Shelby waggled her brows and patted her stomach. “And strong needs.”

Everyone burst into laughter and Mrs. Dalton pulled her apron up over her face, hiding her blush. But the tips of her ears gave it away.

Owen flapped his arms and gave a chortle of his own. The baby beside him tweaked Owen’s nose. Pretty soon the pair was babbling to each other and Owen shared his spit-covered teething keys.

Sabrina released a long, stress-relieving sigh. She’d told her story—the important parts—and nobody had attacked her. And they obviously accepted Owen as one of their own.

It saddened her a little to think of the boy coming here for holidays and gatherings that she wouldn’t belong to. Sharing him with Beck was going to be the biggest adjustment.

She sucked in a sharp breath. Oh God. Had she become her parents? Neither of them had wanted to share her, resulting in a tug of war she’d despised her entire life. Inadvertently, had she started the same life for her little boy?

Heavy clomps of boots sounded, and the women all exchanged a look. “Rain’s driven them inside. I guess we’d better start baking,” Mrs. Dalton said and heaved herself from her recliner.

Sabrina looked up and froze at the sight. Seven strong, very wet men stood in the doorway. The younger crew was shirtless, including Beck.

Their gazes locked and heated to a boil in 2.3 seconds. Her heart took off and she was helpless against her body’s reaction.

She still wanted him. Who wouldn’t? He was a god of a man, built to perfection with smoldering eyes, and they shared a child. At one time they’d given their bodies wholeheartedly.

The dark-haired woman was passing out towels. She handed one to Beck, and he shot her a smile. “Thank ya, Maya.”

A dark serpent slithered through Sabrina’s chest. Seeing her man smile for another woman, even if it was his sister-in-law—

What am I thinking? He’s not my man. He’s…just Owen’s father.

But he wasn’t looking at Sabrina as if he were nothing to her. He rubbed the towel over his golden-tan muscles with maddening slowness, holding her gaze the whole time. Finally he dipped his head, removed his hat and started toweling his hair. It was wet at the back, the strands darker and curling.

Her heart hitched.

Then he slung the towel around his neck and came forward, wet jeans, muddy boots and all.

“Your momma must be a very tolerant woman. Allowing you on the carpet with muddy boots?”

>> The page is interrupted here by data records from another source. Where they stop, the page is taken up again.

(* For all finite multisets $\Gamma,\Delta$ of ${\sf Frm_2}$-formulas: $\Gamma\Rightarrow\Delta$ is derivable in ${\sf GWF_{N_2}}$ if and only if $\Gamma^\square\Rightarrow\Delta^\square$ is derivable in ${\sf G3M_{Nec}}$.
   Context: Language: countably many atoms $p,q,\dots$, the constant $\bot$, and binary connectives $\wedge,\vee,\rightarrow$ ($\rightarrow$ is strict implication). ${\sf Frm}$ is the set of formulas built from atoms and $\bot$ with $\wedge,\vee,\rightarrow$; $A,B,C,D$ range over ${\sf Frm}$. Let $\supset$ be a new binary symbol (material implication) and ${\sf Frm_1}={\sf Frm}\cup\{A\supset B : A,B\in{\sf Frm}\}$ (no nesting of $\supset$). ${\sf Frm_2}$ is the smallest set containing ${\sf Frm_1}$ and closed under $\wedge$ and $\vee$; $X,Y$ range over ${\sf Frm_2}$. A sequent is $\Gamma\Rightarrow\Delta$ with $\Gamma,\Delta$ finite multisets of ${\sf Frm_2}$-formulas. The calculus ${\sf GWF_{N_2}}$ has initial sequents $(id)$ $p,\Gamma\Rightarrow\Delta,p$ ($p$ an atom) and $(L_\bot)$ $\bot,\Gamma\Rightarrow\Delta$, and rules (premises / conclusion): $(L_\wedge)$ $X,Y,\Gamma\Rightarrow\Delta$ / $X\wedge Y,\Gamma\Rightarrow\Delta$; $(R_\wedge)$ $\Gamma\Rightarrow\Delta,X$ and $\Gamma\Rightarrow\Delta,Y$ / $\Gamma\Rightarrow\Delta,X\wedge Y$; $(L_\vee)$ $X,\Gamma\Rightarrow\Delta$ and $Y,\Gamma\Rightarrow\Delta$ / $X\vee Y,\Gamma\Rightarrow\Delta$; $(R_\vee)$ $\Gamma\Rightarrow\Delta,X,Y$ / $\Gamma\Rightarrow\Delta,X\vee Y$; $(L_\supset)$ $\Gamma\Rightarrow\Delta,A$ and $B,\Gamma\Rightarrow\Delta$ / $A\supset B,\Gamma\Rightarrow\Delta$; $(R_\supset)$ $A,\Gamma\Rightarrow\Delta,B$ / $\Gamma\Rightarrow\Delta,A\supset B$; $(LR_\rightarrow)$ $C\supset D,A\Rightarrow B$ / $\Gamma,C\rightarrow D\Rightarrow\Delta,A\rightarrow B$; $(R_\rightarrow)$ $A\Rightarrow B$ / $\Gamma\Rightarrow\Delta,A\rightarrow B$. Here $A,B,C,D\in{\sf Frm}$, $X,Y\in{\sf Frm_2}$, and $\Gamma,\Delta$ are arbitrary finite multisets of ${\sf Frm_2}$-formulas. The modal language $\mathcal{L}_\square$ has atoms, $\bot$, binary $\wedge,\vee,\supset$ and unary $\square$. The sequent calculus ${\sf G3M_{Nec}}$ (sequents $\Gamma\Rightarrow\Delta$ of finite multisets of $\mathcal{L}_\square$-formulas; here $A,B$ are arbitrary $\mathcal{L}_\square$-formulas) has initial sequents $p,\Gamma\Rightarrow\Delta,p$ ($p$ an atom) and $\bot,\Gamma\Rightarrow\Delta$; rules: $A,B,\Gamma\Rightarrow\Delta$ / $A\wedge B,\Gamma\Rightarrow\Delta$; $\Gamma\Rightarrow\Delta,A$ and $\Gamma\Rightarrow\Delta,B$ / $\Gamma\Rightarrow\Delta,A\wedge B$; $A,\Gamma\Rightarrow\Delta$ and $B,\Gamma\Rightarrow\Delta$ / $A\vee B,\Gamma\Rightarrow\Delta$; $\Gamma\Rightarrow\Delta,A,B$ / $\Gamma\Rightarrow\Delta,A\vee B$; $\Gamma\Rightarrow\Delta,A$ and $B,\Gamma\Rightarrow\Delta$ / $A\supset B,\Gamma\Rightarrow\Delta$; $A,\Gamma\Rightarrow\Delta,B$ / $\Gamma\Rightarrow\Delta,A\supset B$; $(LR_{M_\square})$ $A\Rightarrow B$ / $\square A,\Gamma\Rightarrow\Delta,\square B$; $(R_{N_\square})$ $\Rightarrow B$ / $\Gamma\Rightarrow\Delta,\square B$. The $\square$-translation from formulas built with $\wedge,\vee,\rightarrow,\supset,\bot$ into $\mathcal{L}_\square$ is: $p^\square=p$, $\bot^\square=\bot$, $(A\circ B)^\square=A^\square\circ B^\square$ for $\circ\in\{\wedge,\vee,\supset\}$, $(A\rightarrow B)^\square=\square(A^\square\supset B^\square)$; for a multiset $\Gamma$, $\Gamma^\square=\{A^\square : A\in\Gamma\}$ (as a multiset). *)

(* Sequents are pairs of lists; multisets are modelled as
   lists closed under permutation (explicit exchange rule). *)
From Stdlib Require Import List Permutation.
Import ListNotations.

Inductive form : Type :=
| FAtom : nat -> form
| FBot : form
| FAnd : form -> form -> form
| FOr : form -> form -> form
| FSImp : form -> form -> form
| FMImp : form -> form -> form.

Fixpoint isFrm (A : form) : Prop :=
  match A with
  | FAtom _ | FBot => True
  | FAnd A B | FOr A B | FSImp A B => isFrm A /\ isFrm B
  | FMImp _ _ => False
  end.

Definition isFrm1 (X : form) : Prop :=
  isFrm X \/ exists A B, X = FMImp A B /\ isFrm A /\ isFrm B.

Inductive isFrm2 : form -> Prop :=
| Frm2_base : forall X, isFrm1 X -> isFrm2 X
| Frm2_and : forall X Y, isFrm2 X -> isFrm2 Y -> isFrm2 (FAnd X Y)
| Frm2_or : forall X Y, isFrm2 X -> isFrm2 Y -> isFrm2 (FOr X Y).

Definition allFrm2 (G : list form) : Prop := Forall isFrm2 G.

Inductive GWF : list form -> list form -> Prop :=
| GWF_exch : forall G D G' D', GWF G D -> Permutation G G' -> Permutation D D' -> GWF G' D'
| GWF_id : forall p G D, allFrm2 G -> allFrm2 D -> GWF (FAtom p :: G) (FAtom p :: D)
| GWF_Lbot : forall G D, allFrm2 G -> allFrm2 D -> GWF (FBot :: G) D
| GWF_Land : forall X Y G D, isFrm2 X -> isFrm2 Y ->
    GWF (X :: Y :: G) D -> GWF (FAnd X Y :: G) D
| GWF_Rand : forall X Y G D, isFrm2 X -> isFrm2 Y ->
    GWF G (X :: D) -> GWF G (Y :: D) -> GWF G (FAnd X Y :: D)
| GWF_Lor : forall X Y G D, isFrm2 X -> isFrm2 Y ->
    GWF (X :: G) D -> GWF (Y :: G) D -> GWF (FOr X Y :: G) D
| GWF_Ror : forall X Y G D, isFrm2 X -> isFrm2 Y ->
    GWF G (X :: Y :: D) -> GWF G (FOr X Y :: D)
| GWF_Lmimp : forall A B G D, isFrm A -> isFrm B ->
    GWF G (A :: D) -> GWF (B :: G) D -> GWF (FMImp A B :: G) D
| GWF_Rmimp : forall A B G D, isFrm A -> isFrm B ->
    GWF (A :: G) (B :: D) -> GWF G (FMImp A B :: D)
| GWF_LRsimp : forall A B C D G Dl, isFrm A -> isFrm B -> isFrm C -> isFrm D ->
    allFrm2 G -> allFrm2 Dl ->
    GWF [FMImp C D; A] [B] -> GWF (FSImp C D :: G) (FSImp A B :: Dl)
| GWF_Rsimp : forall A B G D, isFrm A -> isFrm B -> allFrm2 G -> allFrm2 D ->
    GWF [A] [B] -> GWF G (FSImp A B :: D).

Inductive mform : Type :=
| MAtom : nat -> mform
| MBot : mform
| MAnd : mform -> mform -> mform
| MOr : mform -> mform -> mform
| MImp : mform -> mform -> mform
| MBox : mform -> mform.

Inductive G3M : list mform -> list mform -> Prop :=
| G3M_exch : forall G D G' D', G3M G D -> Permutation G G' -> Permutation D D' -> G3M G' D'
| G3M_id : forall p G D, G3M (MAtom p :: G) (MAtom p :: D)
| G3M_Lbot : forall G D, G3M (MBot :: G) D
| G3M_Land : forall A B G D, G3M (A :: B :: G) D -> G3M (MAnd A B :: G) D
| G3M_Rand : forall A B G D, G3M G (A :: D) -> G3M G (B :: D) -> G3M G (MAnd A B :: D)
| G3M_Lor : forall A B G D, G3M (A :: G) D -> G3M (B :: G) D -> G3M (MOr A B :: G) D
| G3M_Ror : forall A B G D, G3M G (A :: B :: D) -> G3M G (MOr A B :: D)
| G3M_Limp : forall A B G D, G3M G (A :: D) -> G3M (B :: G) D -> G3M (MImp A B :: G) D
| G3M_Rimp : forall A B G D, G3M (A :: G) (B :: D) -> G3M G (MImp A B :: D)
| G3M_LRM : forall A B G D, G3M [A] [B] -> G3M (MBox A :: G) (MBox B :: D)
| G3M_RN : forall B G D, G3M [] [B] -> G3M G (MBox B :: D).

Fixpoint boxtr (A : form) : mform :=
  match A with
  | FAtom p => MAtom p
  | FBot => MBot
  | FAnd A B => MAnd (boxtr A) (boxtr B)
  | FOr A B => MOr (boxtr A) (boxtr B)
  | FMImp A B => MImp (boxtr A) (boxtr B)
  | FSImp A B => MBox (MImp (boxtr A) (boxtr B))
  end.

From Stdlib Require Import List Permutation.
Import ListNotations.

(* Every GWF rule is mapped by the box-translation onto a G3M rule; the two
   modal rules need one extra right-implication step, since the premise
   [C ⊃ D, A ⇒ B] of (LR->) becomes [□(C ⊃ D) ⇒ □(A ⊃ B)] only through
   [C ⊃ D ⇒ A ⊃ B].  Conversely, the translation is injective and preserves
   the principal connective, so a G3M derivation of a translated sequent can
   be read back rule by rule; the only premise that is not literally the
   translation of a GWF premise is the one of (LR_M) or (R_N), and the
   required premise is recovered from it by the invertibility of (R_⊃) in
   GWF. *)

Lemma isFrm2_of_isFrm (A : form) : isFrm A -> isFrm2 A.
Proof. intros; constructor; now left. Qed.

Lemma isFrm2_MImp (A B : form) : isFrm A -> isFrm B -> isFrm2 (FMImp A B).
Proof. intros; constructor; right; now exists A, B. Qed.

#[local] Hint Resolve isFrm2_of_isFrm isFrm2_MImp : core.
#[local] Hint Constructors Forall : core.
#[local] Hint Unfold allFrm2 : core.

Lemma isFrm2_FAnd_inv (X Y : form) : isFrm2 (FAnd X Y) -> isFrm2 X /\ isFrm2 Y.
Proof.
  intros H; inversion H as [? HX | |]; subst; auto.
  destruct HX as [[] | (? & ? & E & _)]; [auto | discriminate].
Qed.

Lemma isFrm2_FOr_inv (X Y : form) : isFrm2 (FOr X Y) -> isFrm2 X /\ isFrm2 Y.
Proof.
  intros H; inversion H as [? HX | |]; subst; auto.
  destruct HX as [[] | (? & ? & E & _)]; [auto | discriminate].
Qed.

Lemma isFrm2_FMImp_inv (A B : form) : isFrm2 (FMImp A B) -> isFrm A /\ isFrm B.
Proof.
  intros H; inversion H as [? HX | |]; subst.
  destruct HX as [[] | (? & ? & E & ?)]; injection E as -> ->; auto.
Qed.

Lemma isFrm2_FSImp_inv (A B : form) : isFrm2 (FSImp A B) -> isFrm A /\ isFrm B.
Proof.
  intros H; inversion H as [? HX | |]; subst.
  destruct HX as [? | (? & ? & E & _)]; [auto | discriminate].
Qed.

Lemma allFrm2_perm {l l' : list form} : Permutation l l' -> allFrm2 l -> allFrm2 l'.
Proof. intros P; unfold allFrm2; now rewrite P. Qed.

Lemma allFrm2_cons_inv {X : form} {l : list form} :
  allFrm2 (X :: l) -> isFrm2 X /\ allFrm2 l.
Proof. now inversion 1. Qed.

Lemma GWF_sound (G D : list form) : GWF G D -> G3M (map boxtr G) (map boxtr D).
Proof.
  induction 1; simpl in *.
  - eapply G3M_exch; eauto using Permutation_map.
  - apply G3M_id.
  - apply G3M_Lbot.
  - now apply G3M_Land.
  - now apply G3M_Rand.
  - now apply G3M_Lor.
  - now apply G3M_Ror.
  - now apply G3M_Limp.
  - now apply G3M_Rimp.
  - apply G3M_LRM, G3M_Rimp.
    eapply G3M_exch; [eassumption | apply perm_swap | reflexivity].
  - now apply G3M_RN, G3M_Rimp.
Qed.

Lemma GWF_middle_cons_l (a : form) (l G D : list form) :
  GWF (a :: l ++ G) D -> GWF (l ++ a :: G) D.
Proof. intros H; eapply GWF_exch; [exact H | apply Permutation_middle | reflexivity]. Qed.

Lemma GWF_cons_middle_l (a : form) (l G D : list form) :
  GWF (l ++ a :: G) D -> GWF (a :: l ++ G) D.
Proof.
  intros H; eapply GWF_exch; [exact H | symmetry; apply Permutation_middle | reflexivity].
Qed.

Lemma GWF_middle_cons_r (a : form) (l G D : list form) :
  GWF G (a :: l ++ D) -> GWF G (l ++ a :: D).
Proof. intros H; eapply GWF_exch; [exact H | reflexivity | apply Permutation_middle]. Qed.

Lemma Permutation_cons_cases {T : Type} {x y : T} {l m : list T} :
  Permutation (x :: l) (y :: m) ->
  (x = y /\ Permutation l m) \/
  exists k, Permutation m (x :: k) /\ Permutation l (y :: k).
Proof.
  intros P.
  destruct (Permutation_in x P (or_introl eq_refl)) as [<- | I].
  - left; split; [reflexivity | exact (Permutation_cons_inv P)].
  - right; destruct (in_split _ _ I) as [m1 [m2 ->]].
    exists (m1 ++ m2); split; [symmetry; apply Permutation_middle |].
    apply (Permutation_cons_inv (a := x)).
    rewrite P, <- Permutation_middle; apply perm_swap.
Qed.

(* The occurrence of [A ⊃ B] is tracked up to exchange, since exchange steps
   may move it anywhere in the succedent. *)
Lemma GWF_Rmimp_inv_perm (G D : list form) : GWF G D ->
  forall A B D0, Permutation D (FMImp A B :: D0) -> isFrm A -> isFrm B ->
  GWF (A :: G) (B :: D0).
Proof.
  induction 1 as [G D G' D' _ IH PG PD | p G D HG HD | G D HG HD
    | X Y G D HX HY _ IH | X Y G D HX HY _ IH1 _ IH2 | X Y G D HX HY _ IH1 _ IH2
    | X Y G D HX HY _ IH | A B G D HA HB _ IH1 _ IH2 | A B G D HA HB Hprem IH
    | A B C E G D HA HB HC HE HG HD Hprem _ | A B G D HA HB HG HD Hprem _];
    intros A0 B0 D0 P HA0 HB0;
    try (destruct (Permutation_cons_cases P) as [[Heq P'] | [k [P1 P2]]];
         [try discriminate |
          eapply GWF_exch; [| reflexivity | symmetry; rewrite P1; apply perm_swap]]).
  - eapply GWF_exch; [apply IH | apply perm_skip, PG | reflexivity]; auto.
    now rewrite PD.
  - apply (GWF_cons_middle_l _ [_]), GWF_id; auto.
    destruct (allFrm2_cons_inv (allFrm2_perm P2 HD)); auto.
  - apply (GWF_cons_middle_l _ [_]), GWF_Lbot; auto.
    destruct (allFrm2_cons_inv (allFrm2_perm P HD)); auto.
  - apply (GWF_cons_middle_l _ [_]), GWF_Land; auto.
    apply (GWF_middle_cons_l _ [X; Y]), IH; auto.
  - apply GWF_Rand; auto; apply (GWF_middle_cons_r _ [_]).
    + apply IH1; auto. now rewrite P2; apply perm_swap.
    + apply IH2; auto. now rewrite P2; apply perm_swap.
  - apply (GWF_cons_middle_l _ [_]), GWF_Lor; auto;
      [apply (GWF_middle_cons_l _ [X]), IH1 | apply (GWF_middle_cons_l _ [Y]), IH2]; auto.
  - apply GWF_Ror; auto; apply (GWF_middle_cons_r _ [X; Y]), IH; auto.
    rewrite P2; symmetry; apply (Permutation_middle [X; Y]).
  - apply (GWF_cons_middle_l _ [_]), GWF_Lmimp; auto.
    + apply (GWF_middle_cons_r _ [A]), IH1; auto. now rewrite P; apply perm_swap.
    + apply (GWF_middle_cons_l _ [B]), IH2; auto.
  - injection Heq as -> ->.
    eapply GWF_exch; [exact Hprem | reflexivity | now apply perm_skip].
  - apply GWF_Rmimp; auto.
    eapply GWF_exch; [apply (IH A0 B0 (B :: k)) | apply perm_swap | apply perm_swap]; auto.
    now rewrite P2; apply perm_swap.
  - apply (GWF_cons_middle_l _ [_]), GWF_LRsimp; auto.
    destruct (allFrm2_cons_inv (allFrm2_perm P2 HD)); auto.
  - apply GWF_Rsimp; auto.
    destruct (allFrm2_cons_inv (allFrm2_perm P2 HD)); auto.
Qed.

Lemma GWF_Rmimp_inv (A B : form) (G D : list form) : isFrm A -> isFrm B ->
  GWF G (FMImp A B :: D) -> GWF (A :: G) (B :: D).
Proof. intros HA HB H; now apply (GWF_Rmimp_inv_perm _ _ H). Qed.

Ltac invert_translation :=
  repeat match goal with
  | H : _ :: _ = map boxtr ?G |- _ =>
      destruct G; simpl in H; [discriminate | injection H as ? ?; subst]
  | H : _ = boxtr ?f |- _ =>
      destruct f; simpl in H; try discriminate; try (injection H as; subst)
  | H : allFrm2 (_ :: _) |- _ => apply allFrm2_cons_inv in H as [? ?]
  | H : isFrm2 (FAnd _ _) |- _ => apply isFrm2_FAnd_inv in H as [? ?]
  | H : isFrm2 (FOr _ _) |- _ => apply isFrm2_FOr_inv in H as [? ?]
  | H : isFrm2 (FMImp _ _) |- _ => apply isFrm2_FMImp_inv in H as [? ?]
  | H : isFrm2 (FSImp _ _) |- _ => apply isFrm2_FSImp_inv in H as [? ?]
  end.

Lemma G3M_complete (G' D' : list mform) : G3M G' D' ->
  forall G D, G' = map boxtr G -> D' = map boxtr D -> allFrm2 G -> allFrm2 D ->
  GWF G D.
Proof.
  induction 1 as [G' D' G'' D'' _ IH PG PD | | | | | | | | | A B G' D' _ IH | B G' D' _ IH];
    intros G0 D0 EG ED HG HD; subst.
  - destruct (Permutation_map_inv _ _ PG) as [G1 [-> PG1]].
    destruct (Permutation_map_inv _ _ PD) as [D1 [-> PD1]].
    eapply GWF_exch; [apply IH | ..]; eauto using allFrm2_perm, Permutation_sym.
  - invert_translation. now apply GWF_id.
  - invert_translation. now apply GWF_Lbot.
  - invert_translation. apply GWF_Land; auto.
  - invert_translation. apply GWF_Rand; auto.
  - invert_translation. apply GWF_Lor; auto.
  - invert_translation. apply GWF_Ror; auto.
  - invert_translation. apply GWF_Lmimp; auto.
  - invert_translation. apply GWF_Rmimp; auto.
  - invert_translation. apply GWF_LRsimp; auto.
    apply (GWF_cons_middle_l _ [_] []), GWF_Rmimp_inv; auto.
  - invert_translation. apply GWF_Rsimp, GWF_Rmimp_inv; auto.
Qed.

Theorem theorem4p1 : forall (G D : list form), allFrm2 G -> allFrm2 D ->
  (GWF G D <-> G3M (map boxtr G) (map boxtr D)).
Proof.
  intros G D HG HD; split.
  - apply GWF_sound.
  - intros H; exact (G3M_complete _ _ H G D eq_refl eq_refl HG HD).
Qed.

“She’ll holler at me, and I’ll take them off in a minute. I just wanted to say hi to this little guy.” His face creased in a grin as he squatted and looked into his son’s face.

Owen grunted and offered him the keys. Beck took them, unfazed by the drool. He brought them within a few inches of his mouth and pretended to chew them. Owen squealed in delight, and Sabrina couldn’t help it—she laughed.

Beck’s gaze flashed to her, the smile wiped off his face.

“What?” she asked, nervous.

“I haven’t heard you laugh like that in a long time. I…” His throat worked and his jaw ticked. “It’s nice, Sabrina. I always loved your laugh.”

She gaped at him. Had he liked her laugh? He’d never said anything like that to her. And she’d remember. At one time she’d hung the moon and stars on his words.

Her throat was tight.

He plopped down cross-legged and hauled Owen onto his lower legs that were mostly dry. She watched father and son exchange gibberish as well as a set of saliva-covered plastic keys.

Beck shifted his attention from Owen to her. When he settled a hand on her thigh, she gave a start. Electric heat shot up her leg straight to her pussy.

That’s how I got in trouble last time. I can’t react this way to him.

It was impossible to shut down her body, though. It had a control center of its own, and it seemed to be ruled by Beck Dalton. It was bad enough he was a glorious cowboy. Did he have to be a better dad than she’d ever dreamed possible?